[Start of Attachment]

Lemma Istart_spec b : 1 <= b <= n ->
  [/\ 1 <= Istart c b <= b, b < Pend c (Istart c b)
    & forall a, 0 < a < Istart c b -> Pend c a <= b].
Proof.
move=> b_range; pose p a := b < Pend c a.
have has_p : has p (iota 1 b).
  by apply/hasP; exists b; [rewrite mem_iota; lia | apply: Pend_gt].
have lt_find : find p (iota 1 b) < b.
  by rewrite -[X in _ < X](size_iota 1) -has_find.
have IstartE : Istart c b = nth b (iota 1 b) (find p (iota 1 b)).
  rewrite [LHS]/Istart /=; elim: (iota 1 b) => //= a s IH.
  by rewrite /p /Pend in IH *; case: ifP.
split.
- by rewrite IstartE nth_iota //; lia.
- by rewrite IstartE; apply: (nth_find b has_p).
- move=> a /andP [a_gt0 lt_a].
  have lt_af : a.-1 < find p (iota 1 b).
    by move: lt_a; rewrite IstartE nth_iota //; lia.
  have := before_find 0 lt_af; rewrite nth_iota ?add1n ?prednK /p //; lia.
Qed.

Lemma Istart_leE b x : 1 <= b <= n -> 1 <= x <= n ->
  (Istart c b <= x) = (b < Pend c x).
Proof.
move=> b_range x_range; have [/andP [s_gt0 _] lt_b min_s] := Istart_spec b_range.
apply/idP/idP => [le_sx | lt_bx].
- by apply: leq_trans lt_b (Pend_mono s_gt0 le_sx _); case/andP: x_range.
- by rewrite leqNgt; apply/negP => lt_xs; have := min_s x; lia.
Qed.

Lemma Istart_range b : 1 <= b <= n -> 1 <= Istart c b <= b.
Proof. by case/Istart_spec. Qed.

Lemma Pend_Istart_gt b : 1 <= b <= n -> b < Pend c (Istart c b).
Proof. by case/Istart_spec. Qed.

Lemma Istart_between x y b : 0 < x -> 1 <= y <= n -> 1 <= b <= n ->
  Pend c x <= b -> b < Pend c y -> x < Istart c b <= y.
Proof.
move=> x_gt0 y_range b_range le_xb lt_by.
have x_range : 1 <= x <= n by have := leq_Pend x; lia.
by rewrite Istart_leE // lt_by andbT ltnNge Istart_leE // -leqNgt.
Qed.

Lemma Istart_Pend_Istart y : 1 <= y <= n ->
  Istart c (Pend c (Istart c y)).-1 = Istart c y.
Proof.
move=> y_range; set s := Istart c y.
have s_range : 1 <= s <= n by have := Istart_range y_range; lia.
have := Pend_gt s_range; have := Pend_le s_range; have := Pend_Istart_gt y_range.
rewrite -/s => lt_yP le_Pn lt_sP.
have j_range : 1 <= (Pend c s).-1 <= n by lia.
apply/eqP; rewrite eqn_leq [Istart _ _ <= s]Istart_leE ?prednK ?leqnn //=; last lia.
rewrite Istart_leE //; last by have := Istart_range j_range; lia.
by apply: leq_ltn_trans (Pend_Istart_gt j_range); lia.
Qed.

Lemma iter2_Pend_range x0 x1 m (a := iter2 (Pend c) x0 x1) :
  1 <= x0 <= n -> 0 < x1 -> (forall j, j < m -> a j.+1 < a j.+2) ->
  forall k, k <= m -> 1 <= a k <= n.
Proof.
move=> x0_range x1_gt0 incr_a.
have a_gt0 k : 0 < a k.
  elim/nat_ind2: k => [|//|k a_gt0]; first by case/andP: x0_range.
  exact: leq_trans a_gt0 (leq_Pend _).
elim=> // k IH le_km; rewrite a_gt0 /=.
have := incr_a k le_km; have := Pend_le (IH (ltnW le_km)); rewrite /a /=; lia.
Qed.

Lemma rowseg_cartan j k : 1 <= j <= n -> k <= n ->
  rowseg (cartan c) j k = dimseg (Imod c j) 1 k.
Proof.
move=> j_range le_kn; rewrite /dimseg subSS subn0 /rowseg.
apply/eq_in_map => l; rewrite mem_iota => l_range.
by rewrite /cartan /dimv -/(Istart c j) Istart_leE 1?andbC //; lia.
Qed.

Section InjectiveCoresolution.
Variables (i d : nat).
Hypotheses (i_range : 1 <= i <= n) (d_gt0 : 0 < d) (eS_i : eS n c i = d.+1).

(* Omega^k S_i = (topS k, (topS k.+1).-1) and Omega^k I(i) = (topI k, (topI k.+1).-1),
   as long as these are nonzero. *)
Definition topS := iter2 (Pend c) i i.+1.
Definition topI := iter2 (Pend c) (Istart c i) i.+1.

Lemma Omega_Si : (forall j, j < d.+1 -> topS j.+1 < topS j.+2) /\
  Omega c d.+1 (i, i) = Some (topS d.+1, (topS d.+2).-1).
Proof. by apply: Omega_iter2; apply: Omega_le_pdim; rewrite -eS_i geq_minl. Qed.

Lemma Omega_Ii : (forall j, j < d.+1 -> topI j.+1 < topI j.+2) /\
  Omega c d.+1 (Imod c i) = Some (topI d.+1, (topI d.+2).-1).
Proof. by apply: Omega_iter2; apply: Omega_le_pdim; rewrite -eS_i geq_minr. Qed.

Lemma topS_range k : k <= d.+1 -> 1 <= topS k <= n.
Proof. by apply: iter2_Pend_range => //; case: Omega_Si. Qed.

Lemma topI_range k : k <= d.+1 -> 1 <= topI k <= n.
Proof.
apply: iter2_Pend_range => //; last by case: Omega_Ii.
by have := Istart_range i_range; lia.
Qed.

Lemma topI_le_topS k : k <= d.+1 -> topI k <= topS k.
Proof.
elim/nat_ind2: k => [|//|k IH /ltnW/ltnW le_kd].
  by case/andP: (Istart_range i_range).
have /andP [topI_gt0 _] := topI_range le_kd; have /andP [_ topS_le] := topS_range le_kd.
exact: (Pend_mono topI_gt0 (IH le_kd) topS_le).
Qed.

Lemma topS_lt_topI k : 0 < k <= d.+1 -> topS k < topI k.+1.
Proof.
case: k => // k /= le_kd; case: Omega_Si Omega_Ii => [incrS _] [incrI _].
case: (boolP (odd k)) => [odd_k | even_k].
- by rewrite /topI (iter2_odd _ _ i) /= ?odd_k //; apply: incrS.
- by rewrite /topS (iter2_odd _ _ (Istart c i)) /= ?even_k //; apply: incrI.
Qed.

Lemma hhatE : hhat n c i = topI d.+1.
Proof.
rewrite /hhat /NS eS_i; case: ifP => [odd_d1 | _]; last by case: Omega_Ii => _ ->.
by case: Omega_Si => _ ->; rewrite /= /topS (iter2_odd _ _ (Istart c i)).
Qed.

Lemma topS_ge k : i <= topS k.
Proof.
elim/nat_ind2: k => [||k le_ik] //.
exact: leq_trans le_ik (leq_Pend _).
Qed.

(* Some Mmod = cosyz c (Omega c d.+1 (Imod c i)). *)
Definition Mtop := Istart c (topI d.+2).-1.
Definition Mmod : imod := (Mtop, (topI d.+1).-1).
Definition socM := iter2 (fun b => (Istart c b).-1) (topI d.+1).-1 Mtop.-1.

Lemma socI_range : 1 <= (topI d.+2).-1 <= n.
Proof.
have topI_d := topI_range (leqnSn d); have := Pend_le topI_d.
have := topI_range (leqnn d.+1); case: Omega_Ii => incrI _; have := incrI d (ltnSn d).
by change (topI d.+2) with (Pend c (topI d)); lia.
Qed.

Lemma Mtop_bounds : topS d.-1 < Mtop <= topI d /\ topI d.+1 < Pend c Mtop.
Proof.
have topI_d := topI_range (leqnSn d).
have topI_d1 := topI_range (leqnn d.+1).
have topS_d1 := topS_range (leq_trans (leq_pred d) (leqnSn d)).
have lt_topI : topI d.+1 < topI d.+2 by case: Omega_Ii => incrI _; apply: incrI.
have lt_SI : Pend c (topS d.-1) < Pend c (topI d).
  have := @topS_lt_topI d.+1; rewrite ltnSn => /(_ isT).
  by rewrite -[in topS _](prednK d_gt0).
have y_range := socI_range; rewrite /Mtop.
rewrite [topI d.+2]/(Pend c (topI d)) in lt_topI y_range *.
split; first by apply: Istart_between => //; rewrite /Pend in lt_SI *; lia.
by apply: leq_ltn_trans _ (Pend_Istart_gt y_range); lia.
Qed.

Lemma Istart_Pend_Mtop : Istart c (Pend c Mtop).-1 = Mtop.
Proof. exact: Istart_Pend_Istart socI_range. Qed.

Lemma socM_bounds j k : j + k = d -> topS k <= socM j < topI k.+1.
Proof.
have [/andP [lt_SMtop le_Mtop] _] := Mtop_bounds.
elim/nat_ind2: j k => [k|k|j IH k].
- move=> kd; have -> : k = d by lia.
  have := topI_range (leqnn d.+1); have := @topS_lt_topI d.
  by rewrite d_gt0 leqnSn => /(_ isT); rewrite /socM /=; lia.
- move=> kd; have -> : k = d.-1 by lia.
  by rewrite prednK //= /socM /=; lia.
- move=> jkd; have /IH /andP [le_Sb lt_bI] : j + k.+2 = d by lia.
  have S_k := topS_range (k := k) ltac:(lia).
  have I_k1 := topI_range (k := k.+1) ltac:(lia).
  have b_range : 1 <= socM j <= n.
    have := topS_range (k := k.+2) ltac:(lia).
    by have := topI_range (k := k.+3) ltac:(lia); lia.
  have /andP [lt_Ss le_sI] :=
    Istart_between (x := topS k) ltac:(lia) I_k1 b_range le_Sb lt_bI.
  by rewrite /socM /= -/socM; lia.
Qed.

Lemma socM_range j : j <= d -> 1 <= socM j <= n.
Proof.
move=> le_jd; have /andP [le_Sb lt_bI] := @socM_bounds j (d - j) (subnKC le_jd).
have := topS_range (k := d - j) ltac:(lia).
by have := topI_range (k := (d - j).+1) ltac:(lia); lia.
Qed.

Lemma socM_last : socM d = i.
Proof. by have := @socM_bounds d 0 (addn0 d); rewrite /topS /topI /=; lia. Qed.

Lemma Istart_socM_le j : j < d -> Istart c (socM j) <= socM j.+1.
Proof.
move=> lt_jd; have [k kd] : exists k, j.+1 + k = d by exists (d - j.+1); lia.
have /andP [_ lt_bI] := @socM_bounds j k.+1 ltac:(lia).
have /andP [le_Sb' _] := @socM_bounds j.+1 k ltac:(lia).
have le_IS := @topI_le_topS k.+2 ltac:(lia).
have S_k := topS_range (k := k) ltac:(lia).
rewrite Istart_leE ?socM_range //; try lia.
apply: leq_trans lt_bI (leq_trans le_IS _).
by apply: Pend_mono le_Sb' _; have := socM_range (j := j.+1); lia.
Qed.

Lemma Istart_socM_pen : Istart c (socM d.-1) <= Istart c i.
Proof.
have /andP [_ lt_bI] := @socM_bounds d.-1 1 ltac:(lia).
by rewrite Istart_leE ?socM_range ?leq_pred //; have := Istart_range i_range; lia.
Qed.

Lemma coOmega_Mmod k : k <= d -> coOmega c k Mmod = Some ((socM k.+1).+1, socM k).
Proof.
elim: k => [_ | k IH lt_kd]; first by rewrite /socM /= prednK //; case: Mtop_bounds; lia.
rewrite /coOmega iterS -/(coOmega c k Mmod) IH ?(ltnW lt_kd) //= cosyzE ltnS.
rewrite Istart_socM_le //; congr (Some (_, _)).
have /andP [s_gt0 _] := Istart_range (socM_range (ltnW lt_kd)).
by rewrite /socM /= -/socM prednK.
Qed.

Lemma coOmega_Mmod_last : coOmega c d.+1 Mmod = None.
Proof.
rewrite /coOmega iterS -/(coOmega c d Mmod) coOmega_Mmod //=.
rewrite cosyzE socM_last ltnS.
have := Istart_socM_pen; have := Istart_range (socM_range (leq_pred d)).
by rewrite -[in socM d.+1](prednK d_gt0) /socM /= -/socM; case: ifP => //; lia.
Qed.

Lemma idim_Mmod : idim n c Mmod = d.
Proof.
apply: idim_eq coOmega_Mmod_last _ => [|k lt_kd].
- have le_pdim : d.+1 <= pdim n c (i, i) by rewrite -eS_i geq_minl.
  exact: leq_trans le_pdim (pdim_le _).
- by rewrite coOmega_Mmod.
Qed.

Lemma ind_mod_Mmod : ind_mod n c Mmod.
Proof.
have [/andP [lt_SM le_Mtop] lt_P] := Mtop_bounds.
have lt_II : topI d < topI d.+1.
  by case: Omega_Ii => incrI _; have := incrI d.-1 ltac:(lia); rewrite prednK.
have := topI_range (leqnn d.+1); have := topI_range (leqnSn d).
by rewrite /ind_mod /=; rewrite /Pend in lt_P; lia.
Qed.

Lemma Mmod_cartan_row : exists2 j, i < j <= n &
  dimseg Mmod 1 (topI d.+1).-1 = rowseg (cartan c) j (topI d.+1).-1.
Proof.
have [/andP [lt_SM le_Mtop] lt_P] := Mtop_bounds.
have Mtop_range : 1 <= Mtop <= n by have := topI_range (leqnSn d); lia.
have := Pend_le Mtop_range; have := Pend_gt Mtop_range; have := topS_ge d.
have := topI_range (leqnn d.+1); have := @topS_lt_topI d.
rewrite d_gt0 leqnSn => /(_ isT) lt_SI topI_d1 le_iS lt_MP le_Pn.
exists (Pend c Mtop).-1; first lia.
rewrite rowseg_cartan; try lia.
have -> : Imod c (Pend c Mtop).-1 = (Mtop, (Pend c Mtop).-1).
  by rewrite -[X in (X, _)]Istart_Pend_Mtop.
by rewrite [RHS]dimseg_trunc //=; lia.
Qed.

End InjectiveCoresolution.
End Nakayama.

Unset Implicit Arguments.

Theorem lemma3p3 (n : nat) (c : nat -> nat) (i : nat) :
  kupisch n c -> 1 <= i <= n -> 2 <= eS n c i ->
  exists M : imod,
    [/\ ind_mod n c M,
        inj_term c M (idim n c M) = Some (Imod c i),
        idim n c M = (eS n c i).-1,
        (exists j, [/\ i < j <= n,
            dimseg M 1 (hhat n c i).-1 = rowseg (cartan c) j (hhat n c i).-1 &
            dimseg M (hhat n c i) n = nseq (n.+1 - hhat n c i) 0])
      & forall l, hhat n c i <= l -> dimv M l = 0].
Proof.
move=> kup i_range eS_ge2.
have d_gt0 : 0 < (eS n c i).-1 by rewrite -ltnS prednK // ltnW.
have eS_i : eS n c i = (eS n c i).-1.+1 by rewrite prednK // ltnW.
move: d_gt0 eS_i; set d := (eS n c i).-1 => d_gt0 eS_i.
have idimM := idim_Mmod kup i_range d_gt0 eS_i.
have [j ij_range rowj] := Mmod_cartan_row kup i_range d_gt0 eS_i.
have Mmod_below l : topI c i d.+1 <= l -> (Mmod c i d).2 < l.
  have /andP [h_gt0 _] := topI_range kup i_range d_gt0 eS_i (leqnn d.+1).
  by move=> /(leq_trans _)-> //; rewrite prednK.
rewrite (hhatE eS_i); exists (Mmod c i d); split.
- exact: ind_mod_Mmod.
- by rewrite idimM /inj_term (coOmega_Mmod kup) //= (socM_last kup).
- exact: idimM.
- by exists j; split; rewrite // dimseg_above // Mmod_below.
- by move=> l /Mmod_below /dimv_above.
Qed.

[End of Attachment]

**Exercise details**
Go through the material above and report each line containing "iterS".

**Finished exercise**
rewrite /coOmega iterS -/(coOmega c k Mmod) IH ?(ltnW lt_kd) //= cosyzE ltnS.
rewrite /coOmega iterS -/(coOmega c d Mmod) coOmega_Mmod //=.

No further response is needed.